Approximating $\int_1^{10}x^x\mathrm dx$ to within 5% relative error

The answer can be found in the paper : https://fr.scribd.com/doc/34977341/Sophomore-s-Dream-Function

An asymptotic expansion of the so called Sophomores Dream function $$\text{Sphd}(\alpha;x)=\int_0^{x}t^{\alpha t} dt$$ is given in section 6 , pp.6-7.

To reach the specified accuracy, it is not necessary to use many terms of the series. Only the first term is sufficient.
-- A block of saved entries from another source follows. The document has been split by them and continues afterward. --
(* Let $\lambda<0$ and let $p(x;\theta)=(1+\lambda\,\theta\cdot F(x))_+^{1/\lambda}e^{-\varphi(\theta)}$, $\theta\in\Theta\subset\mathbb{R}^d$, be a $\lambda$-exponential family on a state space $\mathcal{X}$ with reference measure $\nu$, satisfying the standing assumptions described in the context. Let $x_1,\ldots,x_n\in\mathcal{S}$ be data points and put $y_i=F(x_i)\in\mathbb{R}^d$. If $\hat\theta\in\Theta$ is a maximum likelihood estimate, i.e. $\hat\theta$ maximizes $$\ell(\theta)=\sum_{i=1}^n\Big(\tfrac{1}{\lambda}\log(1+\lambda\,\theta\cdot y_i)-\varphi(\theta)\Big)$$ over $\Theta$, then $\hat\eta:=\nabla^{(\lambda)}\varphi(\hat\theta)$ satisfies $$\hat\eta=\sum_{i=1}^n w_i(\hat\theta)\,y_i,\qquad w_i(\theta):=\frac{1/(1+\lambda\,\theta\cdot y_i)}{\sum_{j=1}^n 1/(1+\lambda\,\theta\cdot y_j)},\quad i=1,\ldots,n.$$
   Context: Setting: $\mathcal{X}$ is a state space with reference measure $\nu$, $\lambda\in\mathbb{R}\setminus\{0\}$ is fixed, $F=(F_1,\ldots,F_d):\mathcal{X}\to\mathbb{R}^d$ is a vector of statistics, $z_+=\max\{z,0\}$, and the $\lambda$-exponential family is $p(x;\theta)=(1+\lambda\theta\cdot F(x))_+^{1/\lambda}e^{-\varphi(\theta)}$, where the potential $\varphi(\theta)$ is defined by the normalization $\int_{\mathcal{X}}p(x;\theta)\,d\nu(x)=1$. The $\lambda$-gradient of a differentiable function $f$ is $\nabla^{(\lambda)}f(\theta):=\nabla f(\theta)/(1-\lambda\nabla f(\theta)\cdot\theta)$. The $\lambda$-conjugate of $f$ is $f^{(\lambda)}(y)=\sup_x\{\frac1\lambda\log(1+\lambda x\cdot y)-f(x)\}$. Standing assumptions: $\lambda<0$; $\Theta=\{\theta\in\mathbb{R}^d:\int(1+\lambda\theta\cdot F(x))_+^{1/\lambda}d\nu(x)<\infty\}$ is the natural parameter set; the family satisfies the regularity condition of Wong and Zhang (2022, Condition III.10), under which $\varphi$ is differentiable on $\Theta$ with $1-\lambda\nabla\varphi(\theta)\cdot\theta>0$, the dual potential $\psi(\eta):=\sup_{\theta'\in\Theta}\{\frac1\lambda\log(1+\lambda\theta'\cdot\eta)-\varphi(\theta')\}$ is such that $\frac1\lambda(e^{\lambda\psi}-1)$ is strictly convex on $\Xi$, and $\nabla^{(\lambda)}\varphi:\Theta\to\Xi$ is a diffeomorphism with inverse $\nabla^{(\lambda)}\psi$; moreover the dual parameter set $\Xi:=\nabla^{(\lambda)}\varphi(\Theta)$ is convex and contains the common support $\mathcal{S}:=\{x\in\mathcal{X}:p(x;\theta)>0\}$ of the family. *)

From HB Require Import structures.
From mathcomp Require Import all_boot all_order all_algebra.
From mathcomp Require Import all_classical all_reals all_analysis.
Set Implicit Arguments. Unset Strict Implicit. Unset Printing Implicit Defensive.
Import Order.TTheory GRing.Theory Num.Theory.
Import numFieldNormedType.Exports.
Local Open Scope classical_set_scope.
Local Open Scope ring_scope.

Section LambdaExp.
Variable R : realType.

Definition dotp (d : nat) (u v : 'rV[R]_d) : R := \sum_(i < d) u 0 i * v 0 i.

Definition grad (d : nat) (f : 'rV[R]_d -> R) (t : 'rV[R]_d) : 'rV[R]_d :=
  \row_(i < d) ('D_(delta_mx 0 i) f t).

Definition lgrad (lam : R) (d : nat) (f : 'rV[R]_d -> R) (t : 'rV[R]_d) : 'rV[R]_d :=
  (1 - lam * dotp (grad f t) t)^-1 *: grad f t.

Variables (dX : measure_display) (X : measurableType dX).

(* (1 + lam theta.F(x))_+^{1/lam}   (powR 0 r = 0 for r <> 0) *)
Definition lkernel (lam : R) (d : nat) (F : X -> 'rV[R]_d) (t : 'rV[R]_d) (x : X) : R :=
  powR (Num.max (1 + lam * dotp t (F x)) 0) lam^-1.

Definition natparam (lam : R) (d : nat) (nu : {measure set X -> \bar R})
  (F : X -> 'rV[R]_d) : set 'rV[R]_d :=
  [set t | (\int[nu]_x (lkernel lam F t x)%:E < +oo)%E].

(* potential: normalisation  int p(x;theta) dnu = 1 *)
Definition potential (lam : R) (d : nat) (nu : {measure set X -> \bar R})
  (F : X -> 'rV[R]_d) (t : 'rV[R]_d) : R :=
  ln (fine (\int[nu]_x (lkernel lam F t x)%:E)).

Definition ldensity (lam : R) (d : nat) (nu : {measure set X -> \bar R})
  (F : X -> 'rV[R]_d) (t : 'rV[R]_d) (x : X) : R :=
  lkernel lam F t x * expR (- potential lam nu F t).

Definition lsupport (lam : R) (d : nat) (nu : {measure set X -> \bar R})
  (F : X -> 'rV[R]_d) : set X :=
  [set x | forall t, natparam lam nu F t -> 0 < ldensity lam nu F t x].

(* dual potential psi(eta) = sup_{theta' in Theta} (1/lam log(1+lam theta'.eta) - phi(theta'))
   (terms with 1 + lam theta'.eta <= 0 are -oo and are dropped) *)
Definition dualpot (lam : R) (d : nat) (nu : {measure set X -> \bar R})
  (F : X -> 'rV[R]_d) (e : 'rV[R]_d) : R :=
  sup [set v | exists2 t, (natparam lam nu F t /\ 0 < 1 + lam * dotp t e) &
        v = lam^-1 * ln (1 + lam * dotp t e) - potential lam nu F t].

Definition dualparam (lam : R) (d : nat) (nu : {measure set X -> \bar R})
  (F : X -> 'rV[R]_d) : set 'rV[R]_d :=
  lgrad lam (potential lam nu F) @` natparam lam nu F.

(* Standing assumptions (consequences of Wong--Zhang Condition III.10) *)
Definition standing_assumptions (lam : R) (d : nat) (nu : {measure set X -> \bar R})
  (F : X -> 'rV[R]_d) : Prop :=
  let Th := natparam lam nu F in
  let phi := potential lam nu F in
  let Xi := dualparam lam nu F in
  let psi := dualpot lam nu F in
  [/\ lam < 0,
      (forall i, measurable_fun setT (fun x => F x 0 i)),
      open Th &
      [/\
      (forall x t1 t2, Th t1 -> Th t2 ->
         (0 < ldensity lam nu F t1 x) = (0 < ldensity lam nu F t2 x)) &
      [/\ (forall t, Th t -> differentiable phi t /\ 0 < 1 - lam * dotp (grad phi t) t),
      (forall e1 e2 s, Xi e1 -> Xi e2 -> e1 != e2 -> 0 < s < 1 ->
         (expR (lam * psi (s *: e1 + (1 - s) *: e2)) - 1) / lam <
         s * ((expR (lam * psi e1) - 1) / lam) + (1 - s) * ((expR (lam * psi e2) - 1) / lam)),
      (* grad^(lam) phi : Theta -> Xi is a diffeomorphism with inverse grad^(lam) psi *)
      [/\ (forall e, Xi e -> differentiable psi e /\ 0 < 1 - lam * dotp (grad psi e) e),
          (forall t, Th t -> lgrad lam psi (lgrad lam phi t) = t),
          (forall e, Xi e -> Th (lgrad lam psi e) /\ lgrad lam phi (lgrad lam psi e) = e),
          {in Th, continuous (lgrad lam phi)} &
          {in Xi, continuous (lgrad lam psi)}],
      (forall e1 e2 s, Xi e1 -> Xi e2 -> 0 <= s <= 1 -> Xi (s *: e1 + (1 - s) *: e2)) &
      F @` lsupport lam nu F `<=` Xi]]].

Definition loglik (lam : R) (d n : nat) (nu : {measure set X -> \bar R})
  (F : X -> 'rV[R]_d) (y : 'I_n -> 'rV[R]_d) (t : 'rV[R]_d) : R :=
  \sum_(i < n) (lam^-1 * ln (1 + lam * dotp t (y i)) - potential lam nu F t).

Definition lweight (lam : R) (d n : nat) (y : 'I_n -> 'rV[R]_d) (t : 'rV[R]_d) (i : 'I_n) : R :=
  (1 + lam * dotp t (y i))^-1 / \sum_(j < n) (1 + lam * dotp t (y j))^-1.

End LambdaExp.

(* A data point lies in the common support, where the density is positive; as
   lam <> 0 this forces c_i := 1 + lam thetahat.y_i > 0, so the log-likelihood is
   differentiable at the interior maximiser thetahat, and Fermat's rule along the
   coordinate axes gives n grad phi(thetahat) = sum_i y_i / c_i.  Pairing this with
   thetahat and using lam thetahat.y_i = c_i - 1 gives
   n (1 - lam grad phi(thetahat).thetahat) = sum_i 1 / c_i, and dividing the two
   identities yields the weights w_i = (1 / c_i) / sum_j (1 / c_j). *)
From HB Require Import structures.
From mathcomp Require Import all_boot all_order all_algebra.
From mathcomp Require Import all_classical all_reals all_analysis.
From mathcomp Require Import ring.
Import Order.TTheory GRing.Theory Num.Theory.
Import numFieldNormedType.Exports.
Local Open Scope classical_set_scope.
Local Open Scope ring_scope.

Section DotProduct.
Context {R : realType} {d : nat}.
Implicit Types (u v t : 'rV[R]_d).

Lemma dotpC u v : dotp u v = dotp v u.
Proof. by apply: eq_bigr => i _; rewrite mulrC. Qed.

Lemma dotpDl u v t : dotp (u + v) t = dotp u t + dotp v t.
Proof. by rewrite /dotp -big_split; apply: eq_bigr => i _; rewrite mxE mulrDl. Qed.

Lemma dotpZl (a : R) u t : dotp (a *: u) t = a * dotp u t.
Proof. by rewrite /dotp mulr_sumr; apply: eq_bigr => i _; rewrite mxE mulrA. Qed.

Lemma dotp_suml n (u : 'I_n -> 'rV[R]_d) t :
  dotp (\sum_(i < n) u i) t = \sum_(i < n) dotp (u i) t.
Proof.
elim/big_ind2: _ => [|u1 s1 u2 s2 <- <-|//]; last exact: dotpDl.
by rewrite /dotp big1 // => i _; rewrite mxE mul0r.
Qed.

Lemma dotp_deltal (k : 'I_d) t : dotp (delta_mx 0 k) t = t 0 k.
Proof.
rewrite /dotp (bigD1 k) //= big1 ?addr0; first by rewrite mxE !eqxx mul1r.
by move=> i ik; rewrite mxE eqxx /= (negbTE ik) mul0r.
Qed.

End DotProduct.

Section DirectionalDerivative.
Context {R : realType} {V : normedModType R}.

Lemma is_derive_lineP (W : normedModType R) (f : V -> W) (a v : V) (df : W) :
  is_derive a v f df <-> is_derive (0 : R) 1 (fun h : R => f (h *: v + a)) df.
Proof.
set g := fun h : R => f (h *: v + a).
have quotE : (fun h : R => h^-1 *: ((f \o shift a) (h *: v) - f a)) =
    (fun h : R => h^-1 *: ((g \o shift 0) (h *: 1) - g 0)).
  by apply/funext => h; rewrite /g /= addr0 scale0r add0r [h *: 1]mulr1.
have [derivableE deriveE] : (derivable f a v <-> derivable g 0 1) /\ 'D_v f a = 'D_1 g 0.
  by rewrite /derivable /derive quotE.
split=> -[dfa dfE]; apply: DeriveDef.
- exact/derivableE.
- by rewrite -deriveE.
- exact/derivableE.
- by rewrite deriveE.
Qed.

Lemma derive_at_local_max (f : V -> R) (a v : V) :
  derivable f a v -> (\forall b \near a, f b <= f a) -> 'D_v f a = 0.
Proof.
move=> dfa amax; set Q := fun h : R => h^-1 *: ((f \o shift a) (h *: v) - f a).
have QE h : Q h = h^-1 * (f (h *: v + a) - f a) by [].
have lineQ : \forall h \near 0, f (h *: v + a) - f a <= 0.
  rewrite nbhs0P in amax; move: (near0Z v amax).
  by apply: filterS => h; rewrite subr_le0 addrC.
apply/eqP; rewrite eq_le; apply/andP; split.
- rewrite /derive (cvg_at_rightE Q) //.
  apply: limr_le; first by apply/cvg_ex; eexists; exact: cvg_dnbhs_at_right dfa.
  near=> h; rewrite QE mulr_ge0_le0 //.
    by rewrite invr_ge0 ltW //; near: h; exact: nbhs_right_gt.
  by near: h; exact: cvg_within lineQ.
- rewrite /derive (cvg_at_leftE Q) //.
  apply: limr_ge; first by apply/cvg_ex; eexists; exact: cvg_dnbhs_at_left dfa.
  near=> h; rewrite QE mulr_le0 //.
    by rewrite invr_le0 ltW //; near: h; exact: nbhs_left_lt.
  by near: h; exact: cvg_within lineQ.
Unshelve. all: by end_near. Qed.

End DirectionalDerivative.

Lemma is_derive_ln_affine {R : realType} (c b : R) : 0 < c ->
  is_derive (0 : R) 1 (fun h : R => ln (c + h * b)) (b / c).
Proof.
move=> c_gt0.
have daffine : is_derive (0 : R) 1 (cst c + b \*: id) b.
  by apply: is_derive_eq; rewrite add0r [b *: 1]mulr1.
have dln : is_derive ((cst c + b \*: id) 0) 1 (@ln R) c^-1.
  have -> : (cst c + b \*: id) 0 = c :> R by rewrite !fctE /= scaler0 addr0.
  exact: (is_derive1_ln c_gt0).
rewrite (_ : (fun h => _) = (@ln R) \o (cst c + b \*: id)); last first.
  by apply/funext => h /=; rewrite mulrC.
by apply: is_derive_eq (is_derive1_comp dln daffine) _; rewrite mulrC.
Qed.

Lemma lsupport_affine_gt0 {R : realType} {dX : measure_display} {X : measurableType dX}
    {nu : {measure set X -> \bar R}} {lam : R} {d : nat} {F : X -> 'rV[R]_d}
    {x : X} {t : 'rV[R]_d} :
  lam != 0 -> lsupport lam nu F x -> natparam lam nu F t ->
  0 < 1 + lam * dotp t (F x).
Proof.
move=> lam_neq0 suppx Th_t; rewrite ltNge; apply/negP => le0.
have := suppx t Th_t.
by rewrite /ldensity /lkernel (max_r le0) powR0 ?invr_eq0 // mul0r ltxx.
Qed.

Section LambdaLikelihoodCritical.
Context {R : realType} {d n : nat} {lam : R} {phi : 'rV[R]_d -> R}.
Context {y : 'I_n -> 'rV[R]_d} {th : 'rV[R]_d}.
Local Notation c i := (1 + lam * dotp th (y i)).
Hypothesis c_gt0 : forall i, 0 < c i.
Hypotheses (lam_neq0 : lam != 0) (dphi : differentiable phi th).

Local Notation llik :=
  (fun t => \sum_(i < n) (lam^-1 * ln (1 + lam * dotp t (y i)) - phi t)).

Lemma is_derive_llik v :
  is_derive th v llik (\sum_(i < n) (dotp v (y i) / c i - 'D_v phi th)).
Proof.
have dphi_line : is_derive (0 : R) 1 (fun h : R => phi (h *: v + th)) ('D_v phi th).
  by rewrite -is_derive_lineP; apply: DeriveDef; first exact: diff_derivable.
apply/is_derive_lineP.
have -> : (fun h : R => llik (h *: v + th)) = \sum_(i < n)
    (lam^-1 \*: (fun h => ln (c i + h * (lam * dotp v (y i))))
     - (fun h => phi (h *: v + th))).
  apply/funext => h; rewrite fct_sumE; apply: eq_bigr => i _ /=.
  by rewrite dotpDl dotpZl; congr (_ * ln _ - _); ring.
apply: is_derive_sum => i.
have dln := is_deriveZ lam^-1 (is_derive_ln_affine _ (lam * dotp v (y i)) (c_gt0 i)).
apply: is_derive_eq (is_deriveB dln dphi_line) _.
by congr (_ - _); rewrite [LHS]mulrA mulKf.
Qed.

Lemma scaled_grad_at_critical : (forall v, 'D_v llik th = 0) ->
  n%:R *: grad phi th = \sum_(i < n) (c i)^-1 *: y i.
Proof.
move=> crit; apply/rowP => k.
have [_] := is_derive_llik (delta_mx 0 k).
rewrite crit sumrB sumr_const card_ord => /esym/eqP; rewrite subr_eq0 => /eqP sumE.
rewrite !mxE summxE mulr_natl -sumE; apply: eq_bigr => i _.
by rewrite mxE dotp_deltal mulrC.
Qed.

(* If [S = \sum_i (c i)^-1] vanishes, both sides are [0] since [0^-1 = 0]. *)
Lemma lgrad_eq_weighted_mean : (0 < n)%N ->
  n%:R *: grad phi th = \sum_(i < n) (c i)^-1 *: y i ->
  lgrad lam phi th = \sum_(i < n) lweight lam y th i *: y i.
Proof.
move=> n_gt0 gradE; set G := grad phi th; set S := \sum_(i < n) (c i)^-1.
have n_neq0 : n%:R != 0 :> R by rewrite pnatr_eq0 -lt0n.
have affineE i : lam * dotp (y i) th = c i - 1 by rewrite dotpC addrAC subrr add0r.
have denomE : n%:R * (1 - lam * dotp G th) = S.
  rewrite mulrBr mulr1 mulrCA -dotpZl gradE dotp_suml mulr_sumr.
  rewrite (eq_bigr (fun i => 1 - (c i)^-1)) => [|i _].
    by rewrite sumrB sumr_const card_ord opprB addrC subrK.
  by rewrite dotpZl mulrCA affineE mulrBr mulVf ?mulr1 ?gt_eqF.
rewrite /lgrad -/G (_ : 1 - _ = S / n%:R); last by rewrite -denomE mulrAC divff ?mul1r.
transitivity (S^-1 *: \sum_(i < n) (c i)^-1 *: y i); last first.
  by rewrite scaler_sumr; apply: eq_bigr => i _; rewrite scalerA mulrC.
by rewrite -gradE scalerA invf_div mulrC.
Qed.

End LambdaLikelihoodCritical.

Theorem proposition1 (R : realType) (dX : measure_display) (X : measurableType dX)
  (nu : {measure set X -> \bar R}) (lam : R) (d n : nat) (F : X -> 'rV[R]_d)
  (xs : 'I_n -> X) (thetahat : 'rV[R]_d) :
  standing_assumptions lam nu F ->
  (0 < n)%N ->
  (forall i, lsupport lam nu F (xs i)) ->
  natparam lam nu F thetahat ->
  (forall t, natparam lam nu F t ->
     loglik lam nu F (fun i => F (xs i)) t <= loglik lam nu F (fun i => F (xs i)) thetahat) ->
  lgrad lam (potential lam nu F) thetahat =
    \sum_(i < n) lweight lam (fun j => F (xs j)) thetahat i *: F (xs i).
Proof.
move=> [lam_lt0 _ open_Th [_ [diff_phi _ _ _ _]]] n_gt0 supp Th_hat hat_max.
set y := fun i => F (xs i).
have lam_neq0 : lam != 0 by rewrite lt_eqF.
have c_gt0 i : 0 < 1 + lam * dotp thetahat (y i).
  exact: lsupport_affine_gt0 lam_neq0 (supp i) Th_hat.
have [dphi _] := diff_phi _ Th_hat.
have near_Th : \forall t \near thetahat, natparam lam nu F t.
  by move: open_Th; rewrite openE => /(_ _ Th_hat).
apply: lgrad_eq_weighted_mean => //.
apply: (scaled_grad_at_critical c_gt0 lam_neq0 dphi) => v.
apply: derive_at_local_max; first by case: (is_derive_llik c_gt0 lam_neq0 dphi v).
by apply: filterS near_Th => t /hat_max.
Qed.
In fact, this is the equivalent for large $x$ given page 9, Eq.(9:2) : $$\text{Sphd}(\alpha;x)\sim \frac{x^{\alpha x}}{\alpha(1+\ln(x))}$$

In the present case, with $\alpha=1$ : $$\int_1^{10}x^x dx=\text{Sphd}(1;10)-\text{Sphd}(1;1)\simeq \frac{10^{10}}{1+\ln(10)}\simeq 3.027931\times 10^9$$

From Eq.(8:1)$\quad \text{Sphd}(1;1)\simeq 0.783430\quad$ is negligible.

One can compare to the result of numerical calculus : $\quad \int_1^{10}x^x dx\simeq 3.057489\times 10^9\quad$ The above approximate leads to a relative error lower than 1%.

Consider $$\int{x^xdx} = \int{e^{x\log (x)}dx} = \int{\sum_{k=0}^{\infty}\frac{x^k\log^k (x)}{k!}}\,dx=\sum_{k=0}^{\infty}\frac 1{k!}\int {x^k\log^k (x)}\,dx$$Now $$\int {x^k\log^k (x)}\,dx=-\log ^{k+1}(x) (-(k+1) \log (x))^{-k-1}\,\Gamma (k+1,-(k+1) \log (x))$$ where appears the incomplete gamma function.

Using the bounds, the table below reproduces the results summing from $k=0$ to $k=n$ $$\left( \begin{array}{cc} n &\sum_{k=1}^{n} \\ 10 & 1.34986\times 10^7 \\ 15 & 2.49883\times 10^8 \\ 20 & 1.186883\times 10^9 \\ 25 & 2.35791\times 10^9 \\ 30 & 2.92299\times 10^9 \\ 35 & 3.04399\times 10^9 \\ 40 & 3.05675\times 10^9 \\ 45 & 3.05747\times 10^9 \\ 50 & 3.05749\times 10^9 \end{array} \right)$$ which is the solution for six significant figures.